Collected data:
Lemma hprod_1 N : hprod 1 N = INR N + 1.
Proof.
  induction N as [|N IH]; [simpl; lra|].
  rewrite hprod_S, IH, S_INR. assert (0 <= INR N) by apply pos_INR. field. lra.
Qed.

(* Each [esym k N] is a coefficient of [hprod 1 N = N + 1]. *)
Lemma esym_le k N : esym k N <= INR N + 1.
Proof.
  rewrite <- hprod_1. eapply Rle_trans; [|apply (esym_gen_le 1 N k); lra].
  unfold esym_gen. replace (esym k N) with (1 ^ k * esym k N) by (rewrite pow1; ring).
  apply (sum_f_R0_term_le (fun k => 1 ^ k * esym k N)); [lia|].
  intros; rewrite pow1, Rmult_1_l; apply esym_nonneg.
Qed.

Lemma hprod_fact n N : hprod (INR n) N * INR (fact N) * INR (fact n) = INR (fact (N + n)).
Proof.
  induction N as [|N IH]; [simpl; ring|].
  rewrite hprod_S. replace (S N + n)%nat with (S (N + n)) by lia.
  rewrite (fact_simpl (N + n)), (fact_simpl N), !mult_INR, <- IH.
  rewrite (S_INR (N + n)), S_INR, plus_INR.
  assert (0 <= INR N) by apply pos_INR. field. lra.
Qed.

Lemma hprod_central_binomial n : (1 <= n)%nat -> 2 * hprod (INR n) (n - 1) = C (2 * n) n.
Proof.
  intros Hn. destruct n as [|n']; [lia|]. replace (S n' - 1)%nat with n' by lia.
  unfold C. replace (2 * S n' - S n')%nat with (S n') by lia.
  replace (2 * S n')%nat with (S (n' + S n')) by lia.
  rewrite fact_simpl, mult_INR, <- (hprod_fact (S n') n'), (fact_simpl n'), !mult_INR.
  assert (H1 := INR_fact_lt_0 n'). assert (H2 := INR_fact_lt_0 (S n')).
  assert (0 <= INR n') by apply pos_INR.
  rewrite !S_INR, plus_INR, S_INR. field. split; lra.
Qed.

(** A convergent series [sum_q x_q / q] forces [x_q] to drop below every
    positive level infinitely often, since the harmonic series diverges. *)
Lemma weighted_harmonic_level (x : nat -> R) L h N0 :
  Un_cv (sumR (fun q => x q / INR q)) L -> (forall q, (N0 <= q)%nat -> h <= x q) -> h <= 0.
Proof.
  intros HL Hx. destruct (Rle_or_lt h 0) as [|Hh]; auto. exfalso.
  set (Sx := sumR (fun q => x q / INR q)) in HL.
  destruct (HL (h / 8)) as [N1 HN1]; [lra|].
  set (N := S (Nat.max N0 N1)).
  assert (HN : 0 < INR N) by (apply lt_0_INR; unfold N; lia).
  (* the block of terms from [N+1] to [2N] contributes at least [h/2] *)
  assert (Hblock : INR N * (h / INR (N + N)) <= Sx (N + N)%nat - Sx N).
  { apply sumR_tail_lb. intros q Hq.
    assert (0 < INR q) by (apply lt_0_INR; lia).
    assert (INR q <= INR (N + N)) by (apply le_INR; lia).
    assert (h <= x q) by (apply Hx; unfold N in Hq; lia).
    unfold Rdiv. apply Rle_trans with (h * / INR q).
    - apply Rmult_le_compat_l; [lra | apply Rinv_le_contravar; lra].
    - apply Rmult_le_compat_r; [left; apply Rinv_0_lt_compat|]; lra. }
  assert (INR N * (h / INR (N + N)) = h / 2) by (rewrite plus_INR; field; lra).
  assert (A1 := HN1 (N + N)%nat ltac:(unfold N; lia)).
  assert (A2 := HN1 N ltac:(unfold N; lia)).
  unfold Rdist in A1, A2. apply Rabs_def2 in A1. apply Rabs_def2 in A2. lra.
Qed.

Lemma balanced_series_limit (x y A : nat -> R) (a p d : R) :
  0 < p -> 0 < d ->
  (forall n, 0 <= x n) -> (forall n, 0 <= y n) -> (forall n, d * y n <= x (S n)) ->
  Un_cv A a -> (forall n, A n <= a) ->
  (forall N, p * sumR (fun q => x q / INR q) N + y N = A N) ->
  Un_cv (sumR (fun q => x q / INR q)) (a / p).
Proof.
  intros Hp Hd Hx Hy Hxy HA HAa Hbal.
  set (Sx := sumR (fun q => x q / INR q)) in *.
  destruct (growing_cv Sx) as [L HL].
  { apply sumR_growing. intros; apply div_nonneg; auto; apply pos_INR. }
  { apply has_ub_of_le with (a / p). intros n.
    specialize (Hbal n); specialize (HAa n); specialize (Hy n).
    apply Rmult_le_reg_l with p; auto. field_simplify; lra. }
  set (c := a - p * L).
  assert (Hyc : Un_cv y c).
  { apply Un_cv_ext with (fun n => A n - p * Sx n).
    - intros n. specialize (Hbal n). lra.
    - apply CV_minus; [exact HA | apply cv_scal, HL]. }
  assert (Hc0 : 0 <= c) by (apply lim_ge_eventually with y 0%nat; auto).
  destruct (Rle_lt_or_eq_dec _ _ Hc0) as [Hcp|Hc].
  - (* a positive remainder keeps [x] above [d c / 2], contradicting convergence *)
    exfalso. destruct (Hyc (c / 2)) as [N1 HN1]; [lra|].
    assert (Hlev : d * (c / 2) <= 0).
    { apply (weighted_harmonic_level x L _ (S N1) HL). intros q Hq.
      destruct q as [|q]; [lia|]. specialize (HN1 q ltac:(lia)).
      unfold Rdist in HN1. apply Rabs_def2 in HN1. specialize (Hxy q).
      assert (d * (c / 2) <= d * y q) by (apply Rmult_le_compat_l; lra). lra. }
    nra.
  - replace (a / p) with L; auto. unfold c in Hc. replace a with (p * L) by lra. field. lra.
Qed.

(** The numbers [beta p q = p! q! / (p+q)!], the inverse binomial
    coefficients; they are the discrete analogue of the Beta integral. *)

Definition beta (p q : nat) : R := INR (fact p) * INR (fact q) / INR (fact (p + q)).

Lemma beta_0 p : beta p 0 = 1.
Proof. unfold beta. rewrite Nat.add_0_r. simpl. field. apply INR_fact_neq_0. Qed.

Lemma beta_pos p q : 0 < beta p q.
Proof.
  unfold beta. apply Rdiv_lt_0_compat; [apply Rmult_lt_0_compat|]; apply INR_fact_lt_0.
Qed.

Lemma beta_sym p q : beta p q = beta q p.
Proof. unfold beta. rewrite Nat.add_comm. unfold Rdiv; ring. Qed.

Lemma beta_S p q : beta p (S q) = beta p q * INR (S q) / INR (S (p + q)).
Proof.
  unfold beta. rewrite Nat.add_succ_r, (fact_simpl q), (fact_simpl (p + q)), !mult_INR.
  assert (H1 := INR_fact_lt_0 q). assert (H2 := INR_fact_lt_0 (p + q)).
  assert (0 < INR (S (p + q))) by apply INR_S_pos. field. lra.
Qed.

(* Telescoping identity behind the recursions for [beta_series] below. *)
Lemma beta_step p q : INR p * (beta p (S q) / INR (S q)) = beta p q - beta p (S q).
Proof.
  rewrite beta_S, (S_INR (p + q)), plus_INR, (S_INR q).
  assert (0 <= INR p) by apply pos_INR. assert (0 <= INR q) by apply pos_INR.
  field. lra.
Qed.

Lemma beta_S_lower p q : beta p q / (INR p + 1) <= beta p (S q).
Proof.
  rewrite beta_S, (S_INR (p + q)), plus_INR, (S_INR q).
  assert (0 <= INR p) by apply pos_INR. assert (0 <= INR q) by apply pos_INR.
  assert (HC := beta_pos p q).
  apply Rmult_le_reg_r with ((INR p + 1) * (INR p + INR q + 1)); [nra|].
  replace (beta p q / (INR p + 1) * ((INR p + 1) * (INR p + INR q + 1)))
    with (beta p q * (INR p + INR q + 1)) by (field; lra).
  replace (beta p q * (INR q + 1) / (INR p + INR q + 1) * ((INR p + 1) * (INR p + INR q + 1)))
    with (beta p q * ((INR q + 1) * (INR p + 1))) by (field; lra).
  apply Rmult_le_compat_l; nra.
Qed.

Definition beta_series (j p N : nat) : R :=
  sumR (fun q => esym j (q - 1) * beta p q / INR q) N.

Lemma beta_series_0_balance p N : INR p * beta_series 0 p N + beta p N = 1.
Proof.
  unfold beta_series; induction N as [|N IH]; simpl sumR.
  - rewrite beta_0. ring.
  - rewrite esym_0, Rmult_1_l, Rmult_plus_distr_l, beta_step. lra.
Qed.

Lemma beta_series_S_balance j p N :
  INR p * beta_series (S j) p N + esym (S j) N * beta p N = beta_series j p N.
Proof.
  unfold beta_series; induction N as [|N IH]; [simpl; rewrite esym_S_0; ring|].
  rewrite !sumR_S, Nat.sub_succ, Nat.sub_0_r, esym_S_S, Rmult_plus_distr_l.
    replace (INR p * (esym (S j) N * beta p (S N) / INR (S N)))
      with (esym (S j) N * (INR p * (beta p (S N) / INR (S N)))) by (unfold Rdiv; ring).
    rewrite beta_step, <- IH. field. apply Rgt_not_eq, INR_S_pos.
Qed.

Lemma beta_series_growing j p : Un_growing (beta_series j p).
Proof.
  apply sumR_growing. intros n. apply div_nonneg; [|apply pos_INR].
  apply Rmult_le_pos; [apply esym_nonneg | left; apply beta_pos].
Qed.

Lemma beta_series_cv j p : (1 <= p)%nat -> Un_cv (beta_series j p) (/ INR p ^ S j).
Proof.
  intros Hp. assert (Hp' : 1 <= INR p) by (apply (le_INR 1); auto).
  assert (Hd : 0 < / (INR p + 1)) by (apply Rinv_0_lt_compat; lra).
  assert (Hx : forall i k n, 0 <= esym i k * beta p n)
    by (intros; apply Rmult_le_pos; [apply esym_nonneg | left; apply beta_pos]).
  assert (Hnext : forall i n, / (INR p + 1) * (esym i n * beta p n)
                              <= esym i (S n - 1) * beta p (S n)).
  { intros i n. rewrite Nat.sub_succ, Nat.sub_0_r.
    assert (H := beta_S_lower p n). assert (0 <= esym i n) by apply esym_nonneg.
    replace (/ (INR p + 1) * (esym i n * beta p n)) with (esym i n * (beta p n / (INR p + 1)))
      by (unfold Rdiv; ring).
    apply Rmult_le_compat_l; auto. }
  induction j as [|j IH].
  - replace (/ INR p ^ 1) with (1 / INR p) by (simpl; field; lra).
    apply (balanced_series_limit _ (fun N => esym 0 N * beta p N) (fun _ => 1) 1 (INR p)
             (/ (INR p + 1))); try lra; try (intros; apply Hx); try apply Hnext.
    + apply cv_const.
    + intros; lra.
    + intros N. rewrite esym_0, Rmult_1_l. apply beta_series_0_balance.
  - replace (/ INR p ^ S (S j)) with (/ INR p ^ S j / INR p)
      by (cbn [pow]; field; split; [apply pow_nonzero|]; lra).
    apply (balanced_series_limit _ (fun N => esym (S j) N * beta p N) (beta_series j p)
             (/ INR p ^ S j) (INR p) (/ (INR p + 1))); try lra; try (intros; apply Hx);
      try apply Hnext; auto.
    + intros n; apply growing_ineq; auto. apply beta_series_growing.
    + intros N. apply beta_series_S_balance.
Qed.

Lemma mzv_trunc_height_one s k N :
  mzv_trunc (s :: repeat 1%nat k) N = sumR (fun n => / INR n ^ s * esym k (n - 1)) N.
Proof. reflexivity. Qed.

Lemma inv_sq_sum_S N : sumR (fun n => / INR n ^ 2) (S N) <= 2 - / INR (S N).
Proof.
  induction N as [|N IH]; [simpl; rewrite Rmult_1_r, Rinv_1; lra|].
  rewrite sumR_S. assert (H0 : 0 < INR (S N)) by apply INR_S_pos.
  assert (H1 : INR (S (S N)) = INR (S N) + 1) by apply S_INR.
  assert (/ INR (S (S N)) ^ 2 <= / INR (S N) - / INR (S (S N))).
  { rewrite H1.
    replace (/ INR (S N) - / (INR (S N) + 1)) with (/ (INR (S N) * (INR (S N) + 1))) by (field; lra).
    apply Rinv_le_contravar; [apply Rmult_lt_0_compat; lra | cbn [pow]; nra]. }
  lra.
Qed.

Lemma inv_sq_sum_le N : sumR (fun n => / INR n ^ 2) N <= 2.
Proof.
  destruct N as [|N]; [simpl; lra|]. assert (H := inv_sq_sum_S N).
  assert (0 < / INR (S N)) by (apply Rinv_0_lt_compat, INR_S_pos). lra.
Qed.

(* Since [e_k(1,...,1/(n-1)) <= n], the terms of [zeta(s,{1}_k)], [s >= 3],
   are dominated by [1/n^2]. *)
Lemma height_one_term_le s k n :
  (3 <= s)%nat -> (1 <= n)%nat -> / INR n ^ s * esym k (n - 1) <= / INR n ^ 2.
Proof.
  intros Hs Hn. assert (Hn' : 1 <= INR n) by (apply (le_INR 1); auto).
  assert (He := esym_le k (n - 1)). rewrite minus_INR in He by auto. simpl INR in He.
  assert (Hpow : forall i, 0 < INR n ^ i) by (intros; apply pow_lt; lra).
  apply Rle_trans with (/ INR n ^ s * INR n).
  - apply Rmult_le_compat_l; [apply inv_INR_pow_nonneg | lra].
  - replace (/ INR n ^ s * INR n) with (/ INR n ^ (s - 1)).
    + apply Rinv_le_contravar; [apply Hpow | apply Rle_pow; auto; lia].
    + replace s with (S (s - 1)) at 2 by lia. cbn [pow]. field. split; [|lra].
      apply Rgt_not_eq, Hpow.
Qed.

Lemma mzv_height_one_cv s k :
  (3 <= s)%nat -> Un_cv (mzv_trunc (s :: repeat 1%nat k)) (mzv (s :: repeat 1%nat k)).
Proof.
  intros Hs. destruct (growing_cv (mzv_trunc (s :: repeat 1%nat k))) as [l Hl].
  - apply sumR_growing. intros n.
    apply Rmult_le_pos; [apply inv_INR_pow_nonneg | apply esym_nonneg].
  - apply has_ub_of_le with 2. intros N. rewrite mzv_trunc_height_one.
    eapply Rle_trans; [|apply (inv_sq_sum_le N)].
    apply sumR_le. intros n Hn. apply height_one_term_le; lia.
  - rewrite (mzv_spec _ l Hl). exact Hl.
Qed.

(** Duality [zeta(j+2, {1}_i) = zeta(i+2, {1}_j)], proved by summing the
    nonnegative double series below in both orders: its row sums are the
    terms of [zeta(j+2, {1}_i)] (lemma [beta_series_cv]) and, by the symmetry
    of [beta], its column sums are the terms of [zeta(i+2, {1}_j)]. *)
Definition duality_kernel (i j p q : nat) : R :=
  esym i (p - 1) / INR p * (esym j (q - 1) * beta p q / INR q).

Lemma duality_kernel_nonneg i j p q : 0 <= duality_kernel i j p q.
Proof.
  unfold duality_kernel.
  apply Rmult_le_pos; apply div_nonneg; try apply pos_INR; try apply esym_nonneg.
  apply Rmult_le_pos; [apply esym_nonneg | left; apply beta_pos].
Qed.

Lemma duality_kernel_swap i j p q : duality_kernel i j p q = duality_kernel j i q p.
Proof. unfold duality_kernel. rewrite (beta_sym p q). unfold Rdiv; ring. Qed.

Lemma duality_kernel_row i j p :
  Un_cv (sumR (duality_kernel i j p)) (/ INR p ^ (j + 2) * esym i (p - 1)).
Proof.
  destruct p as [|p].
  - (* the row [p = 0] vanishes since [/ 0 = 0] *)
    replace (/ INR 0 ^ (j + 2) * esym i (0 - 1)) with 0
      by (cbn [INR]; rewrite pow_i, Rinv_0 by lia; ring).
    apply Un_cv_ext with (fun _ => 0); [|apply cv_const].
    intros N. rewrite <- (sumR_zero N). apply sumR_ext. intros q _.
    unfold duality_kernel. cbn [INR]. unfold Rdiv at 1. rewrite Rinv_0. ring.
  - replace (/ INR (S p) ^ (j + 2) * esym i (S p - 1))
      with (esym i (S p - 1) / INR (S p) * / INR (S p) ^ S j).
    + apply Un_cv_ext with (fun N => esym i (S p - 1) / INR (S p) * beta_series j (S p) N).
      * intros N. unfold beta_series. rewrite <- sumR_scal. apply sumR_ext. intros q _.
        unfold duality_kernel, Rdiv. ring.
      * apply cv_scal, beta_series_cv. lia.
    + replace (j + 2)%nat with (S (S j)) by lia. cbn [pow]. rewrite !Rinv_mult.
      unfold Rdiv. ring.
Qed.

# Instructions to follow
Taking the entries above, write out exactly the lines starting with the line containing "Un_cv (sumR (fun q => x q / INR q)) (a" and going on through the line containing "exfalso. destruct (Hyc", both included, and nothing else.

# Exercise output
  Un_cv (sumR (fun q => x q / INR q)) (a / p).
Proof.
  intros Hp Hd Hx Hy Hxy HA HAa Hbal.
  set (Sx := sumR (fun q => x q / INR q)) in *.
  destruct (growing_cv Sx) as [L HL].
  { apply sumR_growing. intros; apply div_nonneg; auto; apply pos_INR. }
  { apply has_ub_of_le with (a / p). intros n.
    specialize (Hbal n); specialize (HAa n); specialize (Hy n).
    apply Rmult_le_reg_l with p; auto. field_simplify; lra. }
  set (c := a - p * L).
  assert (Hyc : Un_cv y c).
  { apply Un_cv_ext with (fun n => A n - p * Sx n).
    - intros n. specialize (Hbal n). lra.
    - apply CV_minus; [exact HA | apply cv_scal, HL]. }
  assert (Hc0 : 0 <= c) by (apply lim_ge_eventually with y 0%nat; auto).
  destruct (Rle_lt_or_eq_dec _ _ Hc0) as [Hcp|Hc].
  - (* a positive remainder keeps [x] above [d c / 2], contradicting convergence *)
    exfalso. destruct (Hyc (c / 2)) as [N1 HN1]; [lra|].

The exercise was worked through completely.